ISLAMABAD: Defence Minister Khawaja Asif told National Assembly on Monday that the government is exploring a joint venture to operate the iconic Roosevelt Hotel in New York, aiming for long-term economic benefits rather than selling the asset outright.
Describing the nearly century-old 19-story hotel as “a strategic gem,” Asif praised its prime Manhattan location and stressed the government’s intent to retain ownership. “Selling might patch a short-term fiscal wound,” he said, “but a joint venture ensures Pakistan keeps a foot on that lucrative property while raking in steady profits.”
The Roosevelt Hotel has long been viewed as Pakistan’s prized overseas asset, with repeated calls over the years to sell it for quick cash. Asif; however, reiterated that retaining it through partnership is the smarter route for economic stability.
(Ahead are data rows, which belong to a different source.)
(* Let $s>1$ be constant and $G\sim G_{n,p}$ with $p=\frac{\log n+\omega(n)}{n}$, $\omega(n)\to\infty$, $np=O(\log n)$. For the Birth-Death process on $G$ started from a single mutant vertex $v_0$, w.h.p. no vertex of $S_0$ is added to $N(X)$ and no vertex of $N(S_0)$ is added to $X$ during the first $\omega_0^{3/4}$ iterations.
   Context: Birth-Death process: $X\subseteq[n]$ is the mutant set (fitness $s$, others fitness 1), initially $\{v_0\}$; at each step a vertex $v$ is chosen with probability proportional to fitness and a uniformly random neighbor $u$ of $v$ takes the type of $v$. An iteration is a step in which $X$ changes. $N(A)=\{w\notin A:\exists v\in A, vw\in E(G)\}$. $\varepsilon=1/\log\log\log n$, $S_0=\{v:d(v)\le np/10\}$, $\omega_0=\frac{\varepsilon^2 np}{100\log(np)}$. W.h.p. refers to the randomness of both the graph and the process. *)

From HB Require Import structures.
From mathcomp Require Import all_boot all_order all_algebra.
From mathcomp Require Import reals exp.
Set Implicit Arguments. Unset Strict Implicit. Unset Printing Implicit Defensive.
Import Order.TTheory GRing.Theory Num.Theory.
Local Open Scope ring_scope.

Section BD.
Variables (R : realType) (n : nat).

(* A simple graph on [n] = 'I_n is encoded by a set g of ordered pairs;
   the random graph G(n,p) only puts mass on sets of pairs (i,j) with i<j. *)
Definition adj (g : {set 'I_n * 'I_n}) (u v : 'I_n) : bool :=
  (u != v) && (((u, v) \in g) || ((v, u) \in g)).

Definition gnp_weight (p : R) (g : {set 'I_n * 'I_n}) : R :=
  if [forall e in g, (e.1 < e.2)%N]
  then \prod_(e : 'I_n * 'I_n | (e.1 < e.2)%N) (if e \in g then p else 1 - p)
  else 0.

Definition deg (g : {set 'I_n * 'I_n}) (v : 'I_n) : nat := #|[set u | adj g v u]|.

Definition nbhd (g : {set 'I_n * 'I_n}) (A : {set 'I_n}) : {set 'I_n} :=
  [set w | (w \notin A) && [exists v in A, adj g v w]].

Definition S0 (p : R) (g : {set 'I_n * 'I_n}) : {set 'I_n} :=
  [set v | (deg g v)%:R <= n%:R * p / 10%:R].

Definition epsn : R := (ln (ln (ln n%:R)))^-1.
Definition omega0 (p : R) : R :=
  epsn ^+ 2 * (n%:R * p) / (100%:R * ln (n%:R * p)).
Definition iter_bound (p : R) : R := powR (omega0 p) (3%:R / 4%:R).

Definition fit (s : R) (X : {set 'I_n}) (v : 'I_n) : R := if v \in X then s else 1.

(* result of "u takes the type of v" *)
Definition upd (X : {set 'I_n}) (v u : 'I_n) : {set 'I_n} :=
  if v \in X then u |: X else X :\ u.

(* One step of the Birth-Death process: v chosen with probability
   proportional to fitness, u a uniform random neighbour of v
   (if v has no neighbour, nothing happens). *)
Definition step_prob (s : R) (g : {set 'I_n * 'I_n}) (X Y : {set 'I_n}) : R :=
  \sum_v (fit s X v / \sum_w fit s X w) *
    (if deg g v == 0%N then (Y == X)%:R
     else \sum_(u | adj g v u) (Y == upd X v u)%:R / (deg g v)%:R).
(* Let $G$ be a factor-critical graph with at least $7$ vertices. If $G$ is an edge-stable equimatchable graph which is not a complete graph on an odd number of vertices, then there is an independent set $S$ with $|S|\ge 2$ such that every vertex of $S$ is adjacent to every vertex of $V(G)\setminus S$.
   Context: All graphs are finite and simple. A graph is equimatchable if all its maximal matchings have the same cardinality; an equimatchable graph $G$ is edge-stable if $G\setminus e$ (delete edge $e$, keep vertices) is equimatchable for every $e\in E(G)$. A graph $G$ is factor-critical if $G-v$ has a perfect matching for every $v\in V(G)$. *)

(* A finite simple graph is a symmetric irreflexive
   relation e on a finType T (vertex set = T). Edges are 2-element sets
   {x,y} with e x y; matchings are sets of pairwise disjoint edges. *)
From mathcomp Require Import all_boot.
Set Implicit Arguments. Unset Strict Implicit. Unset Printing Implicit Defensive.

Section Graphs.
Variable T : finType.

Definition is_edge (e : rel T) (f : {set T}) : bool :=
  [exists x, exists y, e x y && (f == [set x; y])].

Definition matching (e : rel T) (M : {set {set T}}) : bool :=
  [forall f in M, is_edge e f] &&
  [forall f in M, forall g in M, (f != g) ==> [disjoint f & g]].

Definition maximal_matching (e : rel T) (M : {set {set T}}) : Prop :=
  matching e M /\
  (forall f, is_edge e f -> f \notin M -> ~~ matching e (f |: M)).

Definition equimatchable (e : rel T) : Prop :=
  forall M N, maximal_matching e M -> maximal_matching e N -> #|M| = #|N|.

Definition del_edge (e : rel T) (f : {set T}) : rel T :=
  fun x y => e x y && ([set x; y] != f).

Definition edge_stable (e : rel T) : Prop :=
  equimatchable e /\ (forall f, is_edge e f -> equimatchable (del_edge e f)).

Definition covered (M : {set {set T}}) (x : T) : bool :=
  [exists f in M, x \in f].

(* G - v has a perfect matching for every v: a matching of G avoiding v
   and covering every other vertex *)
Definition factor_critical (e : rel T) : Prop :=
  forall v, exists M, matching e M /\ ~~ covered M v /\
    (forall x, x != v -> covered M x).

Definition complete (e : rel T) : Prop := forall x y, x != y -> e x y.

Definition independent (e : rel T) (S : {set T}) : bool :=
  [forall x in S, forall y in S, ~~ e x y].

End Graphs.

From mathcomp Require Import all_boot zify.
Set Implicit Arguments. Unset Strict Implicit. Unset Printing Implicit Defensive.

(* A matching exposing exactly three vertices a, b, c must span at least two
   edges among them: otherwise it is maximal in G, or in G minus the edge ab,
   while being smaller than a near-perfect matching.  Applied locally (keep a
   near-perfect matching outside a small vertex set W and rematch W by hand),
   this rules out many small configurations.  In particular the neighbourhoods
   of two non-adjacent vertices are nested (seven vertices are needed to rule
   out a chordless pentagon), so every non-neighbour of a vertex r of minimum
   degree dominates N(r).  Either the non-neighbours of r are independent, and
   then they form the required set, or they span an edge uv; then N(r) is
   independent, each vertex of N(r) being matched to a non-neighbour of r. *)

Section Matchings.
Variables (T : finType) (e : rel T).
Implicit Types (M L : {set {set T}}) (f g : {set T}) (A : {set T}).

Lemma is_edgeP f : reflect (exists x y, e x y /\ f = [set x; y]) (is_edge e f).
Proof.
apply: (iffP existsP) => [[x /existsP [y /andP [exy /eqP ->]]]|[x [y [exy ->]]]].
  by exists x, y.
by exists x; apply/existsP; exists y; rewrite exy eqxx.
Qed.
In related news, the parliamentary secretary for privatisation Aasia Ishaque confirmed that the privatisation of financially struggling Pakistan International Airlines (PIA) is expected to be completed by the end of 2025.
Meanwhile, PTI MNA Sher Afzal Marwat launched a fierce critique of the Competition Commission of Pakistan (CCP), accusing it of failing to act against the Frontier Works Organisation (FWO), which he claimed consistently secures lucrative motorway contracts without adequate oversight.
“It’s always FWO this, FWO that,” Marwat said, lambasting the CCP as “a caged pigeon” that passively watches while taxpayer billions are funnelled into repeat contracts. He even questioned the constitutional protections surrounding these deals, hinting that the CCP might be ineffective – or worse, complicit.
When pressed for answers, the parliamentary secretary for finance Saad Waseem Sheikh appeared unprepared and gave an unclear response, further fuelling criticism about the government’s awareness of regulatory oversight.
In a written reply to another question, Commerce Minister Jam Kamal informed the House that Pakistan’s bilateral trade with the United States reached $5.53 billion during July-March of the fiscal year 2024–25. He cited Federal Board of Revenue (FBR)’s data showing exports to the US at $4.34 billion and imports at $1.19 billion, giving Pakistan a trade surplus of $3.15 billion.
Kamal explained the US formula for tariff calculations: the trade deficit in goods divided by total imports from that country, then divided by two. He cautioned that a five per cent tariff cut by Pakistan does not guarantee a matching reduction by the US.